**About this task:** Give again, word for word, each line below starting at the one that contains "fail | _ => idtac end;" and ending at the one that contains "constr_eq j l;".

(Dataset entries)
Content starts

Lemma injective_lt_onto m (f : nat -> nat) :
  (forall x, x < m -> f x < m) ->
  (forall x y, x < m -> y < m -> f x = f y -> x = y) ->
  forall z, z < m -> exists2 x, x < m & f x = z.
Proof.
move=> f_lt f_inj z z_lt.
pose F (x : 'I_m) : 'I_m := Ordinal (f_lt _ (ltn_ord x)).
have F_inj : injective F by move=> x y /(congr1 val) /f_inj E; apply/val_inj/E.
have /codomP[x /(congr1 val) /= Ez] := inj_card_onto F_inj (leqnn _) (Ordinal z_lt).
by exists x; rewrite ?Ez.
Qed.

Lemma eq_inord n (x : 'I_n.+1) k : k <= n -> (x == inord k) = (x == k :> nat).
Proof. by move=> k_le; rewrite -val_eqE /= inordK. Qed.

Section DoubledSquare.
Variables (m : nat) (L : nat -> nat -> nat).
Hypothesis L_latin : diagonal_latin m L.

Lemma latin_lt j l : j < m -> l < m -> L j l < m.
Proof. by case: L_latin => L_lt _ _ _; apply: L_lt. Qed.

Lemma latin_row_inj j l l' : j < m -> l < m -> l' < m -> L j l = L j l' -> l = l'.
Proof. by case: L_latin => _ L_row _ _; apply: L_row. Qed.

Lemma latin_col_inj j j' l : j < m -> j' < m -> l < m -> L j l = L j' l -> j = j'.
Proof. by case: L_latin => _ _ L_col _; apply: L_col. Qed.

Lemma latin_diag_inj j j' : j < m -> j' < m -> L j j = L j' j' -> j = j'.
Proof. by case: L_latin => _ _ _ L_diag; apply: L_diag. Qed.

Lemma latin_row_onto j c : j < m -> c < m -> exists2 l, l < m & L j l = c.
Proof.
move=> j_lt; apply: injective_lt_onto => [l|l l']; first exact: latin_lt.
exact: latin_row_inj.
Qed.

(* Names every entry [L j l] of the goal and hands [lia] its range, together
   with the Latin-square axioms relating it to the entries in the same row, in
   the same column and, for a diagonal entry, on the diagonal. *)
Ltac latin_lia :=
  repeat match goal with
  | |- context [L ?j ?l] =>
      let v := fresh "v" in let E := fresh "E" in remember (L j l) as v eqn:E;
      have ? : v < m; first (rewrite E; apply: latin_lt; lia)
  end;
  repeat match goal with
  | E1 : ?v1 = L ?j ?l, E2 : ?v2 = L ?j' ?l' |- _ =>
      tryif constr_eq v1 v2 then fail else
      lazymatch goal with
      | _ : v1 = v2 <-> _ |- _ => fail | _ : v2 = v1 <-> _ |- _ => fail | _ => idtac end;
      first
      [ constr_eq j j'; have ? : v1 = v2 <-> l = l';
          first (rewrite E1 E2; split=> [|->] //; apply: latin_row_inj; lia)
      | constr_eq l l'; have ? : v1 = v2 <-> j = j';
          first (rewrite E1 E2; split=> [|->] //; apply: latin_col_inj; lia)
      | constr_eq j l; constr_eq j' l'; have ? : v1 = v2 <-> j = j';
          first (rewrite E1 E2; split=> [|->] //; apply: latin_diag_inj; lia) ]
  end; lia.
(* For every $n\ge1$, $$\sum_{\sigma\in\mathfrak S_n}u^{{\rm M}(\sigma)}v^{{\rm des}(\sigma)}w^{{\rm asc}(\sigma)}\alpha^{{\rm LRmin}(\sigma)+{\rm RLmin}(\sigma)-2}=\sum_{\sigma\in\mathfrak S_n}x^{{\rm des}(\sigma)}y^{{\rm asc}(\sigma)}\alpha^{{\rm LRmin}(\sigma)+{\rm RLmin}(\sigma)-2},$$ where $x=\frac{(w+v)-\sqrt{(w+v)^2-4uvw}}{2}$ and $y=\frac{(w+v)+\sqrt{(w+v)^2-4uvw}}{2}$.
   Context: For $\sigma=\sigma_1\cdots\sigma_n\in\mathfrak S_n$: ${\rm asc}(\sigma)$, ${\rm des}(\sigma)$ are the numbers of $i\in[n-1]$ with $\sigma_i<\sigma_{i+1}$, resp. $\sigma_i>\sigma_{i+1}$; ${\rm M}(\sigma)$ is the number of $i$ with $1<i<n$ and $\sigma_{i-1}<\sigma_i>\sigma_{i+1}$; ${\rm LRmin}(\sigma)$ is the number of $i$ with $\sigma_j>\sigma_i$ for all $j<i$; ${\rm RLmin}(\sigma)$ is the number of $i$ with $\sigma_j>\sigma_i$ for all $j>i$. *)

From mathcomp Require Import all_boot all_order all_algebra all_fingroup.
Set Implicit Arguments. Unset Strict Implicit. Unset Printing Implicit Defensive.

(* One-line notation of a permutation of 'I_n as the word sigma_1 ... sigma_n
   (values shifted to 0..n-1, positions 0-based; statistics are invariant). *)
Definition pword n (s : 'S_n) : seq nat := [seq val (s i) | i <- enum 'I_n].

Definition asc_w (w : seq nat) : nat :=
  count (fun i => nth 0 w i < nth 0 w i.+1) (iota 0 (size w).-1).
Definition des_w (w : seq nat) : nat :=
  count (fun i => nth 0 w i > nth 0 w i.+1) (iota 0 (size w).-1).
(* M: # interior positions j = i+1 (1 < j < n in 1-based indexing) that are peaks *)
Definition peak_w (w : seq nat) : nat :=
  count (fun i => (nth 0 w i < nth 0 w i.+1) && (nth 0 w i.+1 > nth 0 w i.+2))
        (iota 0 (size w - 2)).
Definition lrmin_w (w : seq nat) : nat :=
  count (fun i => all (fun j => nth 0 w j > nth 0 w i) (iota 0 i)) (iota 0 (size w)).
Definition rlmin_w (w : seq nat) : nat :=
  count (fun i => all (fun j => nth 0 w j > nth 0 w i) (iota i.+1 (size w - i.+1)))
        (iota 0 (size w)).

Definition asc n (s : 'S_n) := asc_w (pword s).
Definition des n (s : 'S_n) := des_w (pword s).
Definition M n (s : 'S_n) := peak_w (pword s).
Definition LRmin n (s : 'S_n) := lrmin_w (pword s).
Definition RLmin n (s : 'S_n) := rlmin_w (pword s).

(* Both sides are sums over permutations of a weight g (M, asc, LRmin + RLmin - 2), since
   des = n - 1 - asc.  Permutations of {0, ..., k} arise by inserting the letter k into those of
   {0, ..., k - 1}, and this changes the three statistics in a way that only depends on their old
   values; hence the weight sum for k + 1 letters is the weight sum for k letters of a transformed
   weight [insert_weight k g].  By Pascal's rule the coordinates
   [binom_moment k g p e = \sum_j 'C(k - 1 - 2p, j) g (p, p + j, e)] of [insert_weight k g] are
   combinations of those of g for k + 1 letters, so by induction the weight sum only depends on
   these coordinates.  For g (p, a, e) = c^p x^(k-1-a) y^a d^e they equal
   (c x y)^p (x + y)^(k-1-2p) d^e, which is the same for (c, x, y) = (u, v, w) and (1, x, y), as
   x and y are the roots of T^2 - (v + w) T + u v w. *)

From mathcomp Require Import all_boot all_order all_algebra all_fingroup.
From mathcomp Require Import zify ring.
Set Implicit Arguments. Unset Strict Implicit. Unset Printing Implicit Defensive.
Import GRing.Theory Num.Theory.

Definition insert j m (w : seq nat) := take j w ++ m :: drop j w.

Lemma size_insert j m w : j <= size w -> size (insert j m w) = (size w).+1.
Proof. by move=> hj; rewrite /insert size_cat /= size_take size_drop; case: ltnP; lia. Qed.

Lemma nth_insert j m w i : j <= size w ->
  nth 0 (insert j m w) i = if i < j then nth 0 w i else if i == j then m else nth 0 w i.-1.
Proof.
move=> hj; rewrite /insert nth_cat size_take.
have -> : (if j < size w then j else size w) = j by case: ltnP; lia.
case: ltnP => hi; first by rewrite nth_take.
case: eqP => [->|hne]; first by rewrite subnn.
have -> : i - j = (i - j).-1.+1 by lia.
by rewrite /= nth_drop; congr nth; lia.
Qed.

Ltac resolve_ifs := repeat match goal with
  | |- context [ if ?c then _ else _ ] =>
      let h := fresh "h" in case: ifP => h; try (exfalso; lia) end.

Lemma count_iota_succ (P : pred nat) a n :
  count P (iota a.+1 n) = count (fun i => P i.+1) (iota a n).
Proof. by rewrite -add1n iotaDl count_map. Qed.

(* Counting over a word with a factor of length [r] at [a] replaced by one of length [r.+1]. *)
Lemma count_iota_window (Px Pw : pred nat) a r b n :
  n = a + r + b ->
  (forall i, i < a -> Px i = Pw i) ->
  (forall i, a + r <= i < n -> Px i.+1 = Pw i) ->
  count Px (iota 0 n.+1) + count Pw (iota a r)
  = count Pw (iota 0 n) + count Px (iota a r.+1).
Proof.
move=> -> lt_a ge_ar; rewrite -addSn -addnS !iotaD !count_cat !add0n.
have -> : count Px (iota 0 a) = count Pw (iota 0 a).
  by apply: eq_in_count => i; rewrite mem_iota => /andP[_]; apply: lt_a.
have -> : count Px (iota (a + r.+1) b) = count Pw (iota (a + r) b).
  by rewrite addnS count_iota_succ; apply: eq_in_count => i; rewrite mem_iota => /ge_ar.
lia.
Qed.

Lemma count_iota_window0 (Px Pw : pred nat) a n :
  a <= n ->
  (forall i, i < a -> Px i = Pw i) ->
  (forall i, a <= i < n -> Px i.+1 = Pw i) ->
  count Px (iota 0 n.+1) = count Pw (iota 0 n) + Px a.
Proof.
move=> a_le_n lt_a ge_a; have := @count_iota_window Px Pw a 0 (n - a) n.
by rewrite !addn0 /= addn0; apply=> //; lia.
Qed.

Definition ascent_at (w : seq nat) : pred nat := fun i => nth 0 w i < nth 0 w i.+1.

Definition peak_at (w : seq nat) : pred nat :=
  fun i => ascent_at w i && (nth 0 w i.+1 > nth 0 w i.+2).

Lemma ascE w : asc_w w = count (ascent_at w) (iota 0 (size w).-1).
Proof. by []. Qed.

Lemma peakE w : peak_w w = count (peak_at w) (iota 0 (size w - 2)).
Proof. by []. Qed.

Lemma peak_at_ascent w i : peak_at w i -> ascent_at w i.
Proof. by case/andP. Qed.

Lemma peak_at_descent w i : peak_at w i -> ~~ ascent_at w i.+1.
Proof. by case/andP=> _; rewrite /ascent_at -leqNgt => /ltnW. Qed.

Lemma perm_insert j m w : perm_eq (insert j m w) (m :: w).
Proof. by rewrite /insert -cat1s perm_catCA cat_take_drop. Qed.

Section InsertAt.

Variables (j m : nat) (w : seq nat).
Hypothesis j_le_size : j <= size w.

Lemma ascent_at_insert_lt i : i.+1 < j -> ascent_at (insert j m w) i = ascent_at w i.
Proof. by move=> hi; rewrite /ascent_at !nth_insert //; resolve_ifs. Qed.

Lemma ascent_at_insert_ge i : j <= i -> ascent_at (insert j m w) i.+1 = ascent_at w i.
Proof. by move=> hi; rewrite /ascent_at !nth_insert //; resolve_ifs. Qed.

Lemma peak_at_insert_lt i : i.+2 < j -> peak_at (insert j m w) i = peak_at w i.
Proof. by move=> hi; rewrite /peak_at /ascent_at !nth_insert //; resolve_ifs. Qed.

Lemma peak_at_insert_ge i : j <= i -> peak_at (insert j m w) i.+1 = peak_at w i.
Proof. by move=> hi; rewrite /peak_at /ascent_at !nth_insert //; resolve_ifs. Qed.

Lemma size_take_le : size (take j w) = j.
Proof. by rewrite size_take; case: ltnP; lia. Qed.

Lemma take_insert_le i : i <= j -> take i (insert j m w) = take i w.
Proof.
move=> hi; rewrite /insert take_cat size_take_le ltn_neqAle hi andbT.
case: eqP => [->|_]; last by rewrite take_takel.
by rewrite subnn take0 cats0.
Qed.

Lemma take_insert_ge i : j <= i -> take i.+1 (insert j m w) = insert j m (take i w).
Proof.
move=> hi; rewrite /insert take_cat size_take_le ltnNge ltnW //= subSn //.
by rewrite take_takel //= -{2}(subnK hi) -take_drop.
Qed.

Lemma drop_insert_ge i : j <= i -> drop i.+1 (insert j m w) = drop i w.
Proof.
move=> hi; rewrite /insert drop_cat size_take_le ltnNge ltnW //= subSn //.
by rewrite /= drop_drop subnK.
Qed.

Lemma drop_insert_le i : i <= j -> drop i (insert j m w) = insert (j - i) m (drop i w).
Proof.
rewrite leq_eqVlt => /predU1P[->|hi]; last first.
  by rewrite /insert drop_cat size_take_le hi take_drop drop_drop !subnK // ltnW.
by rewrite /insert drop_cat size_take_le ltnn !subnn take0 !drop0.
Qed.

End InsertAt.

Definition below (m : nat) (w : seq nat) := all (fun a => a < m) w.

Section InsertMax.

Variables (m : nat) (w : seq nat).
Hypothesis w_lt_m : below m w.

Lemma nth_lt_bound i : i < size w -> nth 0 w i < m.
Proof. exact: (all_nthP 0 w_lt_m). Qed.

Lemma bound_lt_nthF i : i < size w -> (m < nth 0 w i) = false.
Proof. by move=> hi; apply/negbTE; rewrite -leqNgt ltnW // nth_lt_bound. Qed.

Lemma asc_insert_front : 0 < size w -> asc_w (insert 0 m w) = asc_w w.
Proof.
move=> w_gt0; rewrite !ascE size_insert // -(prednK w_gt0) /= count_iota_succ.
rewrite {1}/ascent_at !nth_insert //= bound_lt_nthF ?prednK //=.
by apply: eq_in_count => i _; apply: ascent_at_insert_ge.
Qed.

Content ends

**Written solution:**
      | _ : v1 = v2 <-> _ |- _ => fail | _ : v2 = v1 <-> _ |- _ => fail | _ => idtac end;
      first
      [ constr_eq j j'; have ? : v1 = v2 <-> l = l';
          first (rewrite E1 E2; split=> [|->] //; apply: latin_row_inj; lia)
      | constr_eq l l'; have ? : v1 = v2 <-> j = j';
          first (rewrite E1 E2; split=> [|->] //; apply: latin_col_inj; lia)
      | constr_eq j l; constr_eq j' l'; have ? : v1 = v2 <-> j = j';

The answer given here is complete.